IBM took aim at rival Hewlett-Packard last week with a new dual-core-capable eServer powered by a mainframe-like architecture and chipset.
IBM is taking aim at rival Hewlett-Packard last week with the launch of a new dual-core-capable eServer powered by a mainframe-like architecture and chipset.

VARs said the upcoming eServer xSeries 366, which features the X3 architecture and Hurricane chipset designed for Intel's next-generation 64-bit Cranford processors, provides 38 percent higher performance than previous systems.

Intel, Santa Clara, Calif., plans to roll out the new processors in the next 90 days, and IBM will release the 366, its first four-way server leveraging X3 and Cranford once that technology is available, said Jay Bretzmann, director of eServer products at IBM, Armonk, N.Y.

Solution providers said the performance improvements IBM is promising with the new architecture should give the vendor an edge in the four-way Intel-based server space.

Bob Mickus, Intel product manager at solution provider Paragon Solutions Group, Denver, said IBM has traditionally played second fiddle to HP in this part of the market, which he called the server sweet spot.

But that could change with IBM's new generation of hardware. "We truly feel this will bring some differentiation," Mickus said. "The four-way space has been dominated more by HP."

Bretzmann declined to disclose 366 pricing, but said it would be less than IBM's previous offering, the 365, which runs on Intel's Gallatin processor. This will make the four-way 366 just as affordable for customers as two IBM two-way servers, he said.

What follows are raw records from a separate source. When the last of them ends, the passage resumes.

Lemma sum_pminors_j_drazin (B : 'M[F]_n) i j l :
  sum_pminors_j (row_repl (A ^+ k.+1) j (row i (B *m A ^+ (k + l))))
    (\rank (A ^+ k.+1)) j =
  sum_pminors (A ^+ k.+1) (\rank (A ^+ k.+1)) * (B *m A ^+ l *m AD) i j.
Proof.
have [MGM GMG MG_GM] := drazin_group_inv_exp A_AD AD_A_AD Ak_AD.
have proj : A ^+ (k + l) *m AD ^+ k.+1 *m A ^+ k.+1 = A ^+ (k + l) :=
  drazin_exp_proj A_AD AD_A_AD Ak_AD l.
have expX : A ^+ (k + l) *m AD ^+ k.+1 = A ^+ l *m AD :=
  drazin_exp_mulX k A_AD AD_A_AD l.
rewrite (sum_pminors_j_row_repl_group_inv (G := AD ^+ k.+1)) //; last first.
  by rewrite -!row_mul -!mulmxA (mulmxA (A ^+ (k + l))) proj.
by rewrite -row_mul -mulmxA expX mulmxA mxE.
Qed.

End DrazinMinors.

Lemma is_index_uniq (F : fieldType) n (A : 'M[F]_n) k k' :
  is_index A k -> is_index A k' -> k = k'.
Proof.
move=> [rk Ak] [rk' Ak']; case: (ltngtP k k') => // lt_kk'.
  by case: (Ak' _ lt_kk' rk).
by case: (Ak _ lt_kk' rk').
Qed.

Local Open Scope complex_scope.

Theorem theorem5p3 (R : realType) (n : nat) (A B AD : 'M[R[i]]_n) (k : nat)
    (t : R) :
  is_index A k -> is_drazin A AD ->
  let r := \rank (A ^+ k) in
  let Delta := sum_pminors (A ^+ k.+1) r in
  let N := fun (i j : 'I_n) (l : nat) =>
    sum_pminors_j (row_repl (A ^+ k.+1) j (row i (B *m A ^+ l))) r j in
  let X := B *m AD +
    \sum_(1 <= s < k.+1)
      (((-1) ^+ s.-1 / (s`!)%:R * (t%:C) ^+ s)
        *: (B *m A ^+ s.-1 - B *m A ^+ s *m AD)) in
  forall i j : 'I_n,
    X i j = N i j k / Delta +
      \sum_(1 <= s < k.+1)
        ((-1) ^+ s.-1 / (s`!)%:R *
          ((B *m A ^+ s.-1) i j - N i j (k + s)%N / Delta) * (t%:C) ^+ s).
Proof.
move=> Ak [k' [Ak' [Ak_AD [AD_A_AD A_AD]]]] r Delta N X i j.
have ek := is_index_uniq Ak' Ak; subst k'.
have rk : \rank (A ^+ k.+1) = r := Ak.1.
have Delta_neq0 : Delta != 0.
  by rewrite /Delta -rk (sum_pminors_drazin_neq0 A_AD AD_A_AD Ak_AD).
have N_Delta l : N i j (k + l)%N / Delta = (B *m A ^+ l *m AD) i j.
  by rewrite /N -rk (sum_pminors_j_drazin A_AD AD_A_AD Ak_AD) rk -/Delta mulrC mulKf.
have N0_Delta : N i j k / Delta = (B *m AD) i j.
  by rewrite -[k in N i j k]addn0 N_Delta expr0 mulmx1.
rewrite N0_Delta /X mxE summxE; congr (_ + _).
by apply: eq_bigr => s _; rewrite N_Delta !mxE; ring.
Qed.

Currently, it is more cost-effective for customers to purchase a pair of two-way servers to do the work of one four-way.

Bill Nemesi, brand executive for xSeries at Mainline Information Systems, a Cary, N.C.-based VAR, said the pricing was competitive. "You have to pay a premium of more than two times a two-way to get a four-way," he said. With the 366, "a four-way is more in line with the price of two two-ways."

IBM also will have first-mover advantage over competitors, Nemesi said. "IBM will be ahead of everyone else," he said. "Now IBM can move into the four-way space with the same competitive advantage [it] had in the two-way."

While IBM leads the eight-way Intel server market, it remains second behind HP in the four-way space, according to research firm IDC.

IBM recently passed Dell in the four-way space, according to IDC's most recent market-share numbers, and now has set HP in its sights, Bretzmann said. "My goal is to drive this architecture into the four-way space and win the No. 1 share position," he said.

In rolling out its own chipset technology, IBM is leveraging a resource that its top rivals in the Intel server market lack: processor R&D.

Dell, Round Rock, Texas, does not have a separate microprocessor unit, and Palo Alto, Calif.-based HP last year sold off much of its Intel chip research resources to Intel.

By contrast, IBM's microprocessor unit last year upgraded its Power5 chip and has been working as part of a team with Sony and Toshiba on a new, consumer-focused processor called The Cell.